# PerfCap Reason? MSI GTX1070 Gaming X



## P4-630 (Jun 22, 2016)

Just got my MSI GTX1070 Gaming X.
I got some blue graphs in perfcap reason.
What does it mean? It was surely not overheating.


----------



## W1zzard (Jun 22, 2016)

Mouseover and it should tell you


----------



## jboydgolfer (Jun 22, 2016)

Its likely the same as the 970.
Perfcap, can be remedied by increasing the voltage in the bios a little bit.
Either way i wouldnt sweat it unless along with the perfcap activity, you get large drops in gpu utilization.

in which case its as i said above,and throttling back for some reason, as w1zzard said, just see what reading it is giving.

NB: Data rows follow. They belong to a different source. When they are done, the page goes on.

Theorem lemma4p1 (k : nat) (T : 'I_k -> finType)
    (mi : forall i, T i -> T i -> nat)
    (hcox : forall i, coxeter_matrix (mi i))
    (hirr : forall i, irreducible (mi i)) :
  FC_periodic (prod_mx mi) <->
  ((forall i, FC_finite (mi i)) \/
   exists i, FC_periodic (mi i) /\ forall j, j != i -> FC_finite (mi j)).
Proof.
have finite_rest i : (forall j, j != i -> FC_finite (mi j)) ->
    eventually_zero (FC_count_factors mi [set~ i]).
  by move=> fin; apply: eventually_zero_factors => j; rewrite in_setC1; apply: fin.
split=> [per|[fin|[i [per_i fin]]]].
- have [|/not_all_ex_not[i inf_i]] := classic (forall i, FC_finite (mi i)); first by left.
  have fin j : j != i -> FC_finite (mi j) by apply: FC_finite_other_factors per inf_i.
  right; exists i; split=> //; have [L rest0] := finite_rest i fin.
  apply: (ult_periodic_deconv (FC_count_factors0 _ _) (fun t Lt => rest0 t (ltnW Lt))).
  exact: eq_ult_periodic (FC_count_prod_split mi i) per.
- apply: eq_ult_periodic (fun l => esym (FC_count_prod mi l)) _.
  by apply/eventually_zero_ult_periodic/eventually_zero_factors => j _; apply: fin.
- apply: eq_ult_periodic (fun l => esym (FC_count_prod_split mi i l)) _.
  exact: ult_periodic_conv per_i (finite_rest i fin).
Qed.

If you search perfcap here on tpu, youll find plenty of threads in the subject from 9xx.


----------



## P4-630 (Jun 22, 2016)

W1zzard said:


> Mouseover and it should tell you



The mouseover on the blue graph says VRel, is it something I should worry about?


----------



## W1zzard (Jun 22, 2016)

It's called "Reliability Voltage", the maximum voltage that the card is allowed to run at.

Everything is normal.


----------



## P4-630 (Jun 22, 2016)

W1zzard said:


> It's called "Reliability Voltage", the maximum voltage that the card is allowed to run at.
> 
> Everything is normal.



Ok thanks! 
Feeling better now


----------



## ASOT (Jun 22, 2016)

Glad u finaly got it


----------



## P4-630 (Jun 23, 2016)

I was afraid my 500 Watts PSU could not provide enough power to my new card.
Pfew, all seems fine then as W1zz said.

Happy GTX1070 owner.


----------



## EarthDog (Jun 23, 2016)

P4-630 said:


> I was afraid my 500 Watts PSU could not provide enough power to my new card.


GPUz wouldn't tell you that anyway.


----------



## cdawall (Jun 23, 2016)

EarthDog said:


> GPUz wouldn't tell you that anyway.



nah the loud pop and PC shutting off normally announces that.


----------



## Naki (Jun 24, 2016)

cdawall said:


> nah the loud pop and PC shutting off normally announces that.


Smoke rising and smell too!


----------